Following the hundreds of arrests of people connected to the attack on the US Capitol, a violent event that many right-wing conspiracy theorists believe was instigated by federal agents, Trump supporters appear sceptical to demonstrate their support under a fear that they would face similar consequences by demonstrating against his criminal prosecution.
Users on far-right platforms like “Telegram, Rumble, Gab, Gettr, Truth Social, and websites like the Gateway Pundit, have expressed caution about protesting a potential Trump indictment for this reason,” according to Logically.
“Users on the aforementioned platforms are continuing to amplify claims that a possible Trump indictment has been designed to distract from stories about bank failures and the upcoming pending US economic struggles on the horizon,” the report found.
The central message among his supporters, despite his demands that they take to the streets to defend him, is to “stay home,” according to Ms McCarthy.
Many supporters are gripped with “paranoia and fear stemming from January 6 as some sort of ploy from the deep state to arrest Trump supporters,” she told The Independent.
“Those conspiracy theories didn’t go away. They’ve only continued to grow,” said Ms McCarthy, noting that a narrative suggesting federal authorities instigated the Capitol siege has reached Fox News and Republican lawmakers in Congress.
“That paranoia is a large part of why we’re not seeing the protests he’s calling for,” she said. “People are angry, they’re upset about this, but for the most part I don’t foresee any kind of mass protest happening anywhere near what we saw on January 6.”
Mr Trump’s apparent attempts to provoke his followers have drawn only small crowds, but threats of extremist violence cloud a volatile political landscape heading into 2024. All extremist-related murders in 2022 were committed by right-wing extremists, according to reporting from the Anti-Defamation League. High-profile ideologically driven attacks, including the hammer attack against Paul Pelosi and mass murders in Buffalo and Colorado, continue a worrying trend of extremist-linked violence.

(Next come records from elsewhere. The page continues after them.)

(* Every nonzero singular vector has a nonzero coordinate among X0, X1, X2, X4, X5, X6,
   and rot3 and swap move that coordinate to X0. *)
Lemma hperp_specP u : Qform u = 0 -> u != 0 -> hperp_spec u.
Proof.
move=> Qu u_neq0.
have [u0|] := eqVneq (xc u 0) 0; last exact: hperp_spec_chart.
have [u1|u1] := eqVneq (xc u 1) 0; last first.
  by do 2!apply: hperp_spec_rot3; apply: hperp_spec_chart; rewrite ?Qform_rot3 // /rot3 !xc_row7.
have [u2|u2] := eqVneq (xc u 2) 0; last first.
  by apply: hperp_spec_rot3; apply: hperp_spec_chart; rewrite ?Qform_rot3 // /rot3 !xc_row7.
have [u4|u4] := eqVneq (xc u 4) 0; last first.
  by apply: hperp_spec_swap; apply: hperp_spec_chart; rewrite ?Qform_swap // /swap !xc_row7.
have [u5|u5] := eqVneq (xc u 5) 0; last first.
  apply: hperp_spec_swap; do 2!apply: hperp_spec_rot3; apply: hperp_spec_chart;
  by rewrite ?Qform_rot3 ?Qform_swap // /rot3 /swap !xc_row7.
have [u6|u6] := eqVneq (xc u 6) 0; last first.
  apply: hperp_spec_swap; apply: hperp_spec_rot3; apply: hperp_spec_chart;
  by rewrite ?Qform_rot3 ?Qform_swap // /rot3 /swap !xc_row7.
have u3 : xc u 3 = 0.
  by move: Qu; rewrite /Qform u0 u1 u2 !mul0r !add0r => /eqP; rewrite oppr_eq0 expf_eq0 => /eqP.
by case/eqP: u_neq0; apply: xc_inj => -[|[|[|[|[|[|[|i]]]]]]] // _; rewrite xc0.
Qed.
End Symmetries.

Section Lines.
Variable F : finFieldType.
Implicit Types (u v : 'rV[F]_7) (L M N : 'M[F]_7).
Local Notation q := #|F|.

Lemma hline_singular L u : is_hline L -> (u <= L)%MS -> Qform u = 0.
Proof. by case/and4P => _ _ /forallP /(_ u) /implyP sing_L _ /sing_L /eqP. Qed.

Lemma hline_rank L : is_hline L -> \rank L = 2%N.
Proof. by case/and4P => _ /eqP. Qed.

Lemma hline_genmx L : is_hline L -> <<L>>%MS = L.
Proof. by case/and4P => /eqP. Qed.

Lemma hline_hcollinear L u v : is_hline L -> (u <= L)%MS -> (v <= L)%MS -> hcollinear u v.
Proof.
move=> hL uL vL; apply/andP; split.
  by case/and4P: hL => _ _ _ /forallP /(_ u) /forallP /(_ v) /implyP; apply; rewrite uL.
by rewrite polarQE !(hline_singular hL) ?addmx_sub // !subr0.
Qed.

Lemma hline_adds u v : Qform u = 0 -> Qform v = 0 -> hcollinear u v ->
  u != 0 -> ~~ (v <= u)%MS -> is_hline <<(u + v)%MS>>%MS.
Proof.
move=> Qu Qv /andP[grass_uv /eqP polar_uv] u_neq0 v_notin_u; apply/and4P; split.
- by rewrite genmx_id.
- by rewrite genmxE rank_adds_rV.
- apply/forallP => x; apply/implyP; rewrite genmxE => /sub_adds_rVP[a [b ->]].
  by rewrite QformDZ Qu Qv polar_uv !mulr0 !addr0.
- apply/forallP => x; apply/forallP => y; apply/implyP; rewrite !genmxE.
  case/andP => /sub_adds_rVP[a [b ->]] /sub_adds_rVP[c [d ->]].
  move: grass_uv; rewrite /grass_ok !pgDZ.
  by case/and5P => /eqP-> /eqP-> /eqP-> /eqP-> /andP[/eqP-> /eqP->]; rewrite !eqxx.
Qed.

Lemma hline_adds_eq L u v : is_hline L -> (u <= L)%MS -> (v <= L)%MS ->
  u != 0 -> ~~ (v <= u)%MS -> L = <<(u + v)%MS>>%MS.
Proof.
move=> hL uL vL u_neq0 v_notin_u; rewrite -(hline_genmx hL); symmetry; apply/genmxP.
have uvL : (u + v <= L)%MS by rewrite addsmx_sub uL vL.
have [_ <-] := mxrank_leqif_eq uvL.
by rewrite rank_adds_rV // (hline_rank hL).
Qed.

Lemma hline_cap_rank L N : is_hline L -> is_hline N -> L != N -> (\rank (L :&: N) <= 1)%N.
Proof.
move=> hL hN; apply: contraNleq => rank_cap; apply/eqP.
have sub_cap K : is_hline K -> (L :&: N <= K)%MS -> (K <= L :&: N)%MS.
  move=> hK capK; have [_ <-] := mxrank_leqif_sup capK.
  by rewrite eqn_leq (mxrankS capK) (hline_rank hK).
rewrite -(hline_genmx hL) -(hline_genmx hN); apply/genmxP/andP; split.
  exact: submx_trans (sub_cap L hL (capmxSl L N)) (capmxSr L N).
exact: submx_trans (sub_cap N hN (capmxSr L N)) (capmxSl L N).
Qed.

Lemma card_hcollinear_indep u : Qform u = 0 -> u != 0 ->
  #|[set v | hcollinear u v && ~~ (v <= u)%MS]| = (q ^ 3 - q)%N.
Proof.
move=> Qu u_neq0; have [card_perp _] := hperp_specP Qu u_neq0.
have -> : [set v | hcollinear u v && ~~ (v <= u)%MS] =
    [set v | hcollinear u v] :\: [set v | (v <= u)%MS].
  by apply/setP => v; rewrite !inE andbC.
rewrite cardsDS ?card_perp ?card_submx ?rank_rV ?u_neq0 //.
by apply/subsetP => v; rewrite !inE => /sub_rVP[a ->]; apply: hcollinear_scale.
Qed.

Lemma card_hlines_through u : Qform u = 0 -> u != 0 ->
  #|[set L | is_hline L && (u <= L)%MS]| = q.+1.
Proof.
move=> Qu u_neq0; have [_ sing_perp] := hperp_specP Qu u_neq0.
set Ls := [set L | _]; set D := [set v | hcollinear u v && ~~ (v <= u)%MS].
have one_line v : v \in D -> #|[set L in Ls | (v <= L)%MS]| = 1%N.
  rewrite inE => /andP[uv v_notin_u].
  rewrite -[RHS](cards1 <<(u + v)%MS>>%MS); apply: eq_card => L; rewrite !inE.
  apply/idP/eqP => [/andP[/andP[hL uL] vL] | ->]; first exact: hline_adds_eq.
  by rewrite (hline_adds Qu (sing_perp v uv)) ?genmxE ?addsmxSl ?addsmxSr.
have line_D L : L \in Ls -> #|[set v in D | (v <= L)%MS]| = (q ^ 2 - q)%N.
  rewrite inE => /andP[hL uL].
  have -> : [set v in D | (v <= L)%MS] = [set v | (v <= L)%MS] :\: [set v | (v <= u)%MS].
    apply/setP => v; rewrite !inE.
    apply/idP/idP => [/andP[/andP[_ ->] ->] // | /andP[-> vL]].
    by rewrite (hline_hcollinear hL uL vL) vL.
  rewrite cardsDS ?card_submx ?rank_rV ?u_neq0 ?(hline_rank hL) //.
  by apply/subsetP => v; rewrite !inE => /submx_trans; apply.
have := double_counting D Ls (fun v L => (v <= L)%MS).
rewrite (eq_bigr _ one_line) (eq_bigr _ line_D) !sum_nat_const muln1.
rewrite card_hcollinear_indep // => key; have q1 := q_gt1 F.
apply/eqP; rewrite -(@eqn_pmul2r (q ^ 2 - q)) -?key; rewrite !expnS expn0 !muln1; nia.
Qed.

As Mr Pape at the University of Chicago notes, political violence only requires a motivated few to move from rhetoric to reality, especially when they know their views are shared by others.
“We’ve seen this in our country,” he said. “Seven per cent of George Floyd protests turned violent. They were mostly peaceful. About 5 per cent of those who went to the [US Capitol] Ellipse on January 6 turned violent. That’s still mostly peaceful. But mostly peacful is not the same as peaceful.”
What makes it all the more worrying is that these calls to action are hiding in plain sight, according to some observers. Donald Trump often uses just enough innuendo and suggestive language that a radical follower could be inspired to violence, while avoiding the kind of direct incitements that would invite legal scrutiny, according to Georgetown University professor Daniel Byman.
“What he’s doing is calling out his opponents and the system as fundamentally illegitimate,” he told The Independent. “If you’re a true believer and you accept this, it’s not surprising you would be very angry. He’s saying the system will not provide you justice.”
The Independent has contacted the Trump campaign for comment.
It remains to be seen how Mr Trump’s violent claims will impact his electoral fortunes, and the Republican party at large, but according to Mr Churchill, the former president has already made a shocking impact: bringing ideas once on the far-right of American politics, only uttered by people who saw Waco as a call to arms, into the centre of political life.
Waco and its aftermath, he said, “was always more important to the degree to which their ideas were being addressed by local levels of the mainstream right and the Republican Party.”
“What was important was what sorts of things were being talked about in Republican committee meetings in a small town in Texas.”
Now, discussions of political violence, conspiracy theories and the end of days have moved all the way to the halls of Congress. Waco may be a fading memory to some, but its ghosts linger.